Graph construction with minigraph-cactus
Beware
Many parameters are controlled by the catus config file, and so you need to have a copy of it that you edit and use the flag
--configFile my-config.xml
in the dedicated commands.
Here are some timings and disk consumption:
Data origin | Description | |genomes| | peak memory | ||||
---|---|---|---|---|---|---|---|
Yeast | Chromosome 1 (200kb) | 3.2MB | 15 | 1.125 min | 21Go | 3.8MB | 10MB |
Maize | Part of chr. 6 (20Mb) | 60MB | 4 | 2.625 min | 53Go | 61.9MB | 150MB |
Bovine | Chromosome 28 (47Mb) | 136MB | 3 | 1.375 min | 43Go | 94MB | 210MB |
Bovine | Chromosome 3 (210Mb) | 620MB | 3 | 2.625 min | 71Go | 280MB | 550MB |
Points of attention
Warning
minigraph-cactus uses toil, a pipeline managment system that stores its temporary files in a folder. As of now, if you run step-by-step the pipeline, you won’t have any issues, but if you try to recreate on your own one of those steps, or re-run a previously run step, you will encounter errors. Tje safest practice for a standard usecase is to destroy the jobstore manually once the job is finished.
Files preparation
Fasta files must be separated, sample by sample.
You need to prepare a \t
-separated file, with sequence names and sequence paths (better if absolute).
Example (taken from minigraph-cactus documentation):
# Diploid sample:
HG002.1 ./HG002.paternal.fa
HG002.2 ./HG002.maternal.fa
# Haploid sample:
CHM13 ./chm13.fa
Lines with a #
are interpreted as notes, and will be skipped. Empty lines will also be skipped.
Warning
Strictly don’t use
_
in sequence names, nor spaces, nor prefixes (ex: if you have a sequence namedzea252
and a sequence namedzea2
, pipeline will crash.seq1
andseq10
also, but notseq01
andseq00
)
Known graph inconsistencies
As i dug deep in pangenome graphs, I remarked some weird behaviors exposed by minigraph-cactus, such as the following:
- A chain of nodes, used in a single genome, can exist in the graph. They consist of a single node, fraction in many small ones, that have no reasons to be there (no variations, no alternative paths, no filtering nor clipping on the graph).
- Some edges that exists according to the paths in the graph are not referenced into the edges list, if another edge with an opposite direction exists; however, it is not 100% consistent: some cases exists where both edges are referenced.
Choosing a reference
The reference will satisfy the following properties:
- Never be clipped.
- It’s path in the output graph will be acyclic
- Only visit nodes in their forward orientations
- Be a “reference-sense” path in vg/gbz and will therefore be indexably for fast coordinate lookup
- Be the basis for the output VCF and therefore won’t appear as a sample in the VCF
- Be used to divide the graph into chromosomes
- You may select multiple genomes as references One can define multiple references, but it won’t help for clipping (but for filter?), cyclicity, nor nodes in forward orientation purposes.
Warning
minigraph-cactus is NOT RECOMMENDED (see this discussion) for genomes that have a higher mash distance than 0.02 from the reference; it may yield a warning but may not do it properly. Solutions are :
- Align with an aligner like Progressive Cactus from a tree (
mashtree
can be useful)- Cut down sequences to match the threshold
- Try PGGB
Build graph from multifasta files
In the case you build from multiple individuals (files) with many entries (fasta fields), each . You will find reference to the files in the W-lines:
- the name given to the sample (cactus pipeline file) will be in the first field.
- the name of each fasta header will be in the third field.
Control input sequence order
To create graph with sequence in a specific order that you can control, using the argument minigraphSortInput="none"
disables default sorting by mash distance. It is to be specified in the cactus config file.

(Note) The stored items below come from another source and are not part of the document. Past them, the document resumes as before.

(* Let $X$ be one of the types below, of rank $l$, with finite Weyl group $W$ having Coxeter number $h$ and exponents $m_1,\dots,m_l$ (so that $\exp(2\pi i m_j/h)$, $j=1,\dots,l$, are the eigenvalues of a Coxeter transformation of $W$). Setting $\zeta=e^{2\pi i/h}$, $$\prod_{j=1}^l\bigl(t^2-\zeta^{m_j}\bigr)=\frac{(1-t^{2h})(1-t^{2p})(1-t^{2q})(1-t^{2r})}{(1-t^2)(1-t^a)(1-t^b)(1-t^h)},$$ where $(a,b,h,p,q,r)$ is given by: $\mathsf A_l$ ($l\ge0$): $(2,\,l+1,\,l+1,\,\tfrac12(l+1),\,\tfrac12(l+1),\,1)$; $\mathsf D_l$ ($l\ge4$): $(4,\,2l-4,\,2l-2,\,l-2,\,2,\,2)$; $\mathsf E_6$: $(6,8,12,3,3,2)$; $\mathsf E_7$: $(8,12,18,4,3,2)$; $\mathsf E_8$: $(12,20,30,5,3,2)$; $\mathsf C_l$ ($l\ge2$): $(2,\,2l,\,2l,\,l,\,1,\,1)$; $\mathsf B_l$ ($l\ge3$): $(4,\,2l-2,\,2l,\,l-1,\,2,\,1)$; $\mathsf F_4$: $(6,8,12,3,2,1)$; $\mathsf G_2$: $(4,4,6,2,1,1)$. *)

From HB Require Import structures.
From mathcomp Require Import all_boot all_order all_algebra.
From mathcomp Require Import complex Rstruct.
From Stdlib Require Import Reals.
Set Implicit Arguments. Unset Strict Implicit. Unset Printing Implicit Defensive.
Import GRing.Theory Num.Theory.

Notation CC := (complex Rdefinitions.R).

Inductive cartan_type : Type :=
| TA of nat | TB of nat | TC of nat | TD of nat
| TE6 | TE7 | TE8 | TF4 | TG2.

Definition admissible (X : cartan_type) : bool :=
  match X with
  | TA _ => true
  | TB l => (3 <= l)%N
  | TC l => (2 <= l)%N
  | TD l => (4 <= l)%N
  | _ => true
  end.

(* Exponents m_1, ..., m_l of the Weyl group (standard tables, Bourbaki);
   the size of this list is the rank l. *)
Definition exponents (X : cartan_type) : seq nat :=
  match X with
  | TA l => iota 1 l
  | TB l => [seq (2 * i).+1 | i <- iota 0 l]
  | TC l => [seq (2 * i).+1 | i <- iota 0 l]
  | TD l => rcons [seq (2 * i).+1 | i <- iota 0 l.-1] l.-1
  | TE6 => [:: 1; 4; 5; 7; 8; 11]
  | TE7 => [:: 1; 5; 7; 9; 11; 13; 17]
  | TE8 => [:: 1; 7; 11; 13; 17; 19; 23; 29]
  | TF4 => [:: 1; 5; 7; 11]
  | TG2 => [:: 1; 5]
  end%N.

Definition rank (X : cartan_type) : nat := size (exponents X).

Definition coxeter_number (X : cartan_type) : nat :=
  match X with
  | TA l => l.+1
  | TB l => 2 * l
  | TC l => 2 * l
  | TD l => 2 * l - 2
  | TE6 => 12 | TE7 => 18 | TE8 => 30 | TF4 => 12 | TG2 => 6
  end%N.

(* The tuple (a, b, h, 2p, 2q, r) of the theorem's table.  Since p, q are
   half-integers for type A, we record 2p and 2q (only t^(2p), t^(2q) occur). *)
Definition table (X : cartan_type) : nat * nat * nat * nat * nat * nat :=
  match X with
  | TA l => (2, l.+1, l.+1, l.+1, l.+1, 1)
  | TD l => (4, 2 * l - 4, 2 * l - 2, 2 * (l - 2), 4, 2)
  | TE6 => (6, 8, 12, 6, 6, 2)
  | TE7 => (8, 12, 18, 8, 6, 2)
  | TE8 => (12, 20, 30, 10, 6, 2)
  | TC l => (2, 2 * l, 2 * l, 2 * l, 2, 1)
  | TB l => (4, 2 * l - 2, 2 * l, 2 * (l - 1), 4, 1)
  | TF4 => (6, 8, 12, 6, 4, 1)
  | TG2 => (4, 4, 6, 4, 2, 1)
  end%N.

Definition zeta (h : nat) : CC :=
  Complex (cos (2 * PI / INR h))%R (sin (2 * PI / INR h))%R.

Local Open Scope ring_scope.

Definition rhs_num (X : cartan_type) (t : CC) : CC :=
  let: (a, b, h, p2, q2, r) := table X in
  (1 - t ^+ (2 * h)) * (1 - t ^+ p2) * (1 - t ^+ q2) * (1 - t ^+ (2 * r)).

Definition rhs_den (X : cartan_type) (t : CC) : CC :=
  let: (a, b, h, p2, q2, r) := table X in
  (1 - t ^+ 2) * (1 - t ^+ a) * (1 - t ^+ b) * (1 - t ^+ h).

From HB Require Import structures.
From mathcomp Require Import all_boot all_order all_algebra.
From mathcomp Require Import complex Rstruct.
From Stdlib Require Import Reals Lra.
From mathcomp Require Import zify ring.
Set Implicit Arguments. Unset Strict Implicit. Unset Printing Implicit Defensive.
Import GRing.Theory Num.Theory.
Local Open Scope ring_scope.

(* Put x = t^2 and let z be a primitive h-th root of unity.  For d | h,
   x^d - 1 is the product of the x - z^k over the multiples k of h/d, so every
   factor 1 - x^d of the right-hand side is, up to sign, a product of linear
   factors x - z^k.  For the exceptional types the identity thus reduces to an
   equality of multisets of residues mod h, checked by computation.  For the
   classical series the exponents are 1, ..., h - 1 (type A) or the odd
   residues mod h (types B, C; type D adds h/2), and the corresponding
   products are (x^h - 1)/(x - 1), x^(h/2) + 1 and (x^(h/2) + 1)(x + 1). *)

Definition expi (a : R) : CC := Complex (cos a) (sin a).

Lemma expiD a b : expi (a + b) = expi a * expi b.
Proof.
rewrite /expi cos_plus sin_plus; apply/eqP; rewrite eq_complex /=.
by rewrite !RplusE !RminusE !RmultE; apply/andP; split; apply/eqP; ring.
Qed.

Lemma expiX a k : expi a ^+ k = expi (a * INR k).
Proof.
elim: k => [|k IH]; first by rewrite Rmult_0_r /expi cos_0 sin_0.
by rewrite exprS IH -expiD S_INR; congr expi; lra.
Qed.

Lemma expi_2PI : expi (2 * PI) = 1.
Proof. by rewrite /expi cos_2PI sin_2PI. Qed.

Lemma expi_neq1 a : (0 < a < 2 * PI)%R -> expi a != 1.
Proof.
move=> a_bounds; apply/eqP => -[cos_a _].
have sin_half_gt0 : (0 < sin (a / 2))%R by apply: sin_gt_0; lra.
have := cos_2a_sin (a / 2); rewrite (_ : 2 * (a / 2) = a)%R; last by lra.
change (cos a = 1%R) in cos_a; nra.
Qed.

Lemma zeta_prim_root h : (0 < h)%nat -> h.-primitive_root (zeta h).
Proof.
move=> h_gt0; apply/andP; split=> //; apply/forallP=> i; apply/eqP.
have hR_gt0 : (0 < INR h)%R by apply: lt_0_INR; apply/ltP.
have angle_mul_h : (2 * PI / INR h * INR h = 2 * PI)%R.
  by rewrite /Rdiv Rmult_assoc Rinv_l ?Rmult_1_r //; lra.
rewrite unity_rootE expiX; case: (i.+1 =P h) => [-> | /eqP i1_neq_h].
  by rewrite angle_mul_h expi_2PI eqxx.
apply/negbTE/expi_neq1.
have i1_lt_h : (INR i.+1 < INR h)%R.
  by apply: lt_INR; apply/ltP; rewrite ltn_neqAle i1_neq_h ltn_ord.
have i1_gt0 : (0 < INR i.+1)%R by apply: lt_0_INR; apply/ltP.
have angle_gt0 : (0 < 2 * PI / INR h)%R.
  by apply: Rdiv_lt_0_compat; have := PI_RGT_0; lra.
nra.
Qed.

Section ScaledRoots.
Variables (F : fieldType) (n : nat) (w : F).
Hypothesis w_prim : n.-primitive_root w.

Lemma prod_sub_scaled_prim_root (c x : F) :
  \prod_(0 <= i < n) (x - c * w ^+ i) = x ^+ n - c ^+ n.
Proof.
have n_gt0 := prim_order_gt0 w_prim.
have [-> | c_neq0] := eqVneq c 0.
  under eq_bigr do rewrite mul0r subr0.
  by rewrite prodr_const_nat subn0 expr0n gtn_eqF // subr0.
have := congr1 (horner^~ (x / c)) (factor_Xn_sub_1 w_prim).
rewrite horner_prod hornerD hornerN hornerXn hornerC.
under eq_bigr do rewrite hornerXsubC.
move=> prod_eval.
transitivity (\prod_(0 <= i < n) (c * (x / c - w ^+ i))).
  by apply: eq_bigr => i _; rewrite mulrBr mulrCA divff ?mulr1.
rewrite big_split /= prodr_const_nat subn0 prod_eval.
by rewrite mulrBr -exprMn mulrCA divff ?mulr1.
Qed.

End ScaledRoots.

Lemma prim_expr_half (R : idomainType) m (z : R) :
  (2 * m).-primitive_root z -> z ^+ m = -1.
Proof.
move=> z_prim; have m_gt0 : (0 < m)%nat.
  by have := prim_order_gt0 z_prim; rewrite muln_gt0.
have : (z ^+ m) ^+ 2 == 1 by rewrite -exprM mulnC prim_expr_order.
rewrite sqrf_eq1 -(prim_order_dvd z_prim) => /orP[|/eqP //].
by rewrite gtnNdvd // -{1}(mul1n m) ltn_pmul2r.
Qed.

(* For z a primitive n-th root of unity and d | n, the z^k with k in
   [unity_root_exps n d] are the d-th roots of unity. *)
Definition unity_root_exps (n d : nat) : seq nat :=
  [seq n %/ d * j | j <- iota 0 d]%nat.

Definition unity_root_exps_of n (ds : seq nat) : seq nat :=
  flatten [seq unity_root_exps n d | d <- ds].

Section RootsOfUnity.
Variables (F : fieldType) (n : nat) (z : F).
Hypothesis z_prim : n.-primitive_root z.

Lemma prod_sub_unity_root_exps d x : (d %| n)%nat ->
  \prod_(k <- unity_root_exps n d) (x - z ^+ k) = x ^+ d - 1.
Proof.
move=> d_dvd_n; rewrite big_map -[in RHS](expr1n F d).
rewrite -(prod_sub_scaled_prim_root (dvdn_prim_root z_prim d_dvd_n)).
by rewrite /index_iota subn0; apply: eq_bigr => j _; rewrite mul1r exprM.
Qed.

Lemma prod_sub_expr_modn s x :
  \prod_(k <- s) (x - z ^+ k) =
    \prod_(k <- [seq k %% n | k <- s]%nat) (x - z ^+ k).
Proof. by rewrite big_map; apply: eq_bigr => k _; rewrite prim_expr_mod. Qed.

Lemma prod_one_subX_unity_roots ds x : all (dvdn^~ n) ds ->
  \prod_(d <- ds) (1 - x ^+ d) =
    (-1) ^+ size ds * \prod_(k <- unity_root_exps_of n ds) (x - z ^+ k).
Proof.
elim: ds => [|d ds IHds] /=; first by rewrite !big_nil mul1r.
move=> /andP[d_dvd_n ds_dvd_n]; rewrite big_cons big_cat /= IHds //.
by rewrite prod_sub_unity_root_exps // -opprB exprS !mulNr mul1r mulrCA.
Qed.

Lemma prod_sub_mul_prod_one_subX e ds es x :
  all (dvdn^~ n) ds -> all (dvdn^~ n) es -> size ds = size es ->
  perm_eq [seq k %% n | k <- e ++ unity_root_exps_of n ds]%nat
          [seq k %% n | k <- unity_root_exps_of n es]%nat ->
  \prod_(k <- e) (x - z ^+ k) * \prod_(d <- ds) (1 - x ^+ d) =
    \prod_(d <- es) (1 - x ^+ d).
Proof.
move=> ds_dvd_n es_dvd_n size_ds_es residues_perm.
rewrite !prod_one_subX_unity_roots // size_ds_es mulrCA -big_cat; congr (_ * _).
by rewrite prod_sub_expr_modn [RHS]prod_sub_expr_modn; apply: perm_big.
Qed.

Lemma prod_sub_nontrivial_prim_root_expr x :
  (x - 1) * \prod_(k <- iota 1 n.-1) (x - z ^+ k) = x ^+ n - 1.
Proof.
have := prod_sub_scaled_prim_root z_prim 1 x; rewrite expr1n => <-.
have -> : index_iota 0 n = 0%nat :: iota 1 n.-1.
  by rewrite /index_iota subn0 -{1}(prednK (prim_order_gt0 z_prim)).
rewrite big_cons mul1r expr0; congr (_ * _).
by apply: eq_bigr => k _; rewrite mul1r.
Qed.

End RootsOfUnity.

Lemma prod_sub_odd_prim_root_expr (F : fieldType) m (z : F) x :
  (2 * m).-primitive_root z ->
  \prod_(i <- iota 0 m) (x - z ^+ (2 * i).+1) = x ^+ m + 1.
Proof.
move=> z_prim; have m_gt0 : (0 < m)%nat.
  by have := prim_order_gt0 z_prim; rewrite muln_gt0.
have := dvdn_prim_root z_prim (dvdn_mull 2 (dvdnn m)).
rewrite mulnK // => z2_prim.
have -> : iota 0 m = index_iota 0 m by rewrite /index_iota subn0.
under eq_bigr do rewrite exprS exprM.
by rewrite prod_sub_scaled_prim_root // (prim_expr_half z_prim) opprK.
Qed.

Definition coxeter_charpoly (X : cartan_type) (x : CC) : CC :=
  \prod_(m <- exponents X) (x - zeta (coxeter_number X) ^+ m).

Lemma coxeter_charpoly_TA l x :
  (x - 1) * coxeter_charpoly (TA l) x = x ^+ l.+1 - 1.
Proof.
exact (prod_sub_nontrivial_prim_root_expr (zeta_prim_root (ltn0Sn l)) x).
Qed.

Lemma coxeter_charpoly_TB l x : (0 < l)%nat ->
  coxeter_charpoly (TB l) x = x ^+ l + 1.
Proof.
move=> l_gt0; rewrite /coxeter_charpoly /= big_map.
by apply: prod_sub_odd_prim_root_expr; apply: zeta_prim_root; rewrite muln_gt0.
Qed.

Lemma coxeter_charpoly_TD l x : (2 <= l)%nat ->
  coxeter_charpoly (TD l) x = (x ^+ l.-1 + 1) * (x + 1).
Proof.
move=> l_ge2.
have h_prim : (2 * l.-1).-primitive_root (zeta (coxeter_number (TD l))).
  by rewrite /= (_ : 2 * l - 2 = 2 * l.-1)%nat ?zeta_prim_root //; lia.
rewrite /coxeter_charpoly /= -cats1 big_cat big_seq1 big_map.
by rewrite (prod_sub_odd_prim_root_expr _ h_prim) (prim_expr_half h_prim) opprK.
Qed.

Lemma charpoly_mul_den_TA l t :
  coxeter_charpoly (TA l) (t ^+ 2) * rhs_den (TA l) t = rhs_num (TA l) t.
Proof.
have := coxeter_charpoly_TA l (t ^+ 2); rewrite -exprM => charpoly_eq.
rewrite /rhs_den /rhs_num /=.
have -> : t ^+ (2 * l.+1) = (t ^+ 2 - 1) * coxeter_charpoly (TA l) (t ^+ 2) + 1.
  by rewrite charpoly_eq subrK.
ring.
Qed.

Lemma charpoly_mul_den_TB l t : (3 <= l)%nat ->
  coxeter_charpoly (TB l) (t ^+ 2) * rhs_den (TB l) t = rhs_num (TB l) t.
Proof.
move=> l_ge3; rewrite coxeter_charpoly_TB; last by lia.
rewrite /rhs_den /rhs_num /= (_ : 2 * l - 2 = 2 * (l - 1))%nat; last by lia.
rewrite [(2 * (2 * l))%nat]mulnC !exprM.
ring.
Qed.

Lemma charpoly_mul_den_TC l t : (2 <= l)%nat ->
  coxeter_charpoly (TC l) (t ^+ 2) * rhs_den (TC l) t = rhs_num (TC l) t.
Proof.
move=> l_ge2.
change (coxeter_charpoly (TB l) (t ^+ 2) * rhs_den (TC l) t = rhs_num (TC l) t).
rewrite coxeter_charpoly_TB; last by lia.
rewrite /rhs_den /rhs_num /= [(2 * (2 * l))%nat]mulnC !exprM.
ring.
Qed.

Lemma charpoly_mul_den_TD l t : (4 <= l)%nat ->
  coxeter_charpoly (TD l) (t ^+ 2) * rhs_den (TD l) t = rhs_num (TD l) t.
Proof.
move=> l_ge4; rewrite coxeter_charpoly_TD; last by lia.
rewrite /rhs_den /rhs_num /= (_ : 2 * l - 2 = 2 * l.-1)%nat; last by lia.
rewrite (_ : 2 * l - 4 = 2 * (l - 2))%nat; last by lia.
rewrite [(2 * (2 * l.-1))%nat]mulnC !exprM.
ring.
Qed.

Definition rhs_den_degrees (X : cartan_type) : seq nat :=
  let: (a, b, h, _, _, _) := table X in [:: 2; a; b; h]%nat.

Definition rhs_num_degrees (X : cartan_type) : seq nat :=
  let: (_, _, h, p2, q2, r) := table X in [:: 2 * h; p2; q2; 2 * r]%nat.

Lemma rhs_denE X t : rhs_den X t = \prod_(d <- rhs_den_degrees X) (1 - t ^+ d).
Proof.
rewrite /rhs_den /rhs_den_degrees; case: (table X) => [[[[[a b] h] _] _] _].
by rewrite !big_cons big_nil mulr1 !mulrA.
Qed.

Lemma rhs_numE X t : rhs_num X t = \prod_(d <- rhs_num_degrees X) (1 - t ^+ d).
Proof.
rewrite /rhs_num /rhs_num_degrees; case: (table X) => [[[[[_ _] h] p2] q2] r].
by rewrite !big_cons big_nil mulr1 !mulrA.
Qed.

Lemma prod_one_sub_sqr (t : CC) ds :
  \prod_(d <- [seq 2 * d | d <- ds]%nat) (1 - t ^+ d) =
    \prod_(d <- ds) (1 - (t ^+ 2) ^+ d).
Proof. by rewrite big_map; under eq_bigr do rewrite exprM. Qed.

(* [cs] lists the factors common to numerator and denominator; they need not
   divide h (1 - t^8 for E7). *)
Lemma charpoly_mul_den_of_residues X ds es cs t (h := coxeter_number X) :
  (0 < h)%nat ->
  perm_eq (rhs_den_degrees X) [seq 2 * d | d <- ds ++ cs]%nat ->
  perm_eq (rhs_num_degrees X) [seq 2 * d | d <- es ++ cs]%nat ->
  all (dvdn^~ h) ds -> all (dvdn^~ h) es -> size ds = size es ->
  perm_eq [seq k %% h | k <- exponents X ++ unity_root_exps_of h ds]%nat
          [seq k %% h | k <- unity_root_exps_of h es]%nat ->
  coxeter_charpoly X (t ^+ 2) * rhs_den X t = rhs_num X t.
Proof.
move=> h_gt0 den_perm num_perm ds_dvd_h es_dvd_h size_ds_es residues_perm.
rewrite rhs_denE rhs_numE (perm_big _ den_perm) (perm_big _ num_perm).
rewrite !prod_one_sub_sqr !big_cat mulrA; congr (_ * _).
exact: (prod_sub_mul_prod_one_subX (zeta_prim_root h_gt0)).
Qed.

Lemma charpoly_mul_den_TE6 t :
  coxeter_charpoly TE6 (t ^+ 2) * rhs_den TE6 t = rhs_num TE6 t.
Proof.
by apply: (charpoly_mul_den_of_residues (ds := [:: 1; 3; 4; 6])
  (es := [:: 12; 3; 3; 2]) (cs := [::])).
Qed.

Lemma charpoly_mul_den_TE7 t :
  coxeter_charpoly TE7 (t ^+ 2) * rhs_den TE7 t = rhs_num TE7 t.
Proof.
by apply: (charpoly_mul_den_of_residues (ds := [:: 1; 6; 9])
  (es := [:: 18; 3; 2]) (cs := [:: 4])).
Qed.

Lemma charpoly_mul_den_TE8 t :
  coxeter_charpoly TE8 (t ^+ 2) * rhs_den TE8 t = rhs_num TE8 t.
Proof.
by apply: (charpoly_mul_den_of_residues (ds := [:: 1; 6; 10; 15])
  (es := [:: 30; 5; 3; 2]) (cs := [::])).
Qed.

Lemma charpoly_mul_den_TF4 t :
  coxeter_charpoly TF4 (t ^+ 2) * rhs_den TF4 t = rhs_num TF4 t.
Proof.
by apply: (charpoly_mul_den_of_residues (ds := [:: 1; 3; 4; 6])
  (es := [:: 12; 3; 2; 1]) (cs := [::])).
Qed.

Lemma charpoly_mul_den_TG2 t :
  coxeter_charpoly TG2 (t ^+ 2) * rhs_den TG2 t = rhs_num TG2 t.
Proof.
by apply: (charpoly_mul_den_of_residues (ds := [:: 1; 2; 2; 3])
  (es := [:: 6; 2; 1; 1]) (cs := [::])).
Qed.

Lemma coxeter_charpoly_mul_den X t : admissible X ->
  coxeter_charpoly X (t ^+ 2) * rhs_den X t = rhs_num X t.
Proof.
case: X => [l|l|l|l| | | | | ] /= rank_ok.
- exact: charpoly_mul_den_TA.
- exact: charpoly_mul_den_TB.
- exact: charpoly_mul_den_TC.
- exact: charpoly_mul_den_TD.
- exact: charpoly_mul_den_TE6.
- exact: charpoly_mul_den_TE7.
- exact: charpoly_mul_den_TE8.
- exact: charpoly_mul_den_TF4.
- exact: charpoly_mul_den_TG2.
Qed.

Theorem mainTheorem6 (X : cartan_type) (t : CC) :
  admissible X ->
  rhs_den X t != 0 ->
  \prod_(m <- exponents X) (t ^+ 2 - zeta (coxeter_number X) ^+ m)
    = rhs_num X t / rhs_den X t.
Proof.
move=> admissible_X den_neq0; apply: (canRL (mulfK den_neq0)).
exact: coxeter_charpoly_mul_den.
Qed.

Handling repetitive senquences
Taken from the minigraph-cactus paper :
Minigraph-Cactus (in common with all MSA tools we know of24) cannot presently satisfactorily align highly repetitive sequences like satellite arrays, centromeres and telomeres because they lack sufficiently unique subsequences for minigraph to use as alignment seeds. As such, these regions will remain largely unaligned throughout the pipeline and will make the graph difficult to index and map to by introducing vast amounts of redundant sequence. We recommend clipping them out for most applications and provide the option to do so by removing paths with >N bases that do not align to the underlying SV graph constructed with minigraph (Figure 1F). In preliminary studies of mapping short reads and calling small variants (see below), we found that even more aggressively filtering the graph helps improve accuracy. For this reason, an optional allele-frequency filter is included to remove nodes of the graph present in fewer than N haplotypes and can be used when making indexes for vg giraffe.
Control graph output filtering
Warning
By default, a minigraph-cactus graph does not feature full sequences from the input genome set. Depending on the application, it might hurt downstream analysis, so carefully choose your filter and clip values in order wto get the graph you want in return!
As of latest versions, --gfa full clip filter
raises an error. Using instead --clip 0 --filter 0
on step cactus-graphmap-join
seems to fix the issue, issuing the full (.full)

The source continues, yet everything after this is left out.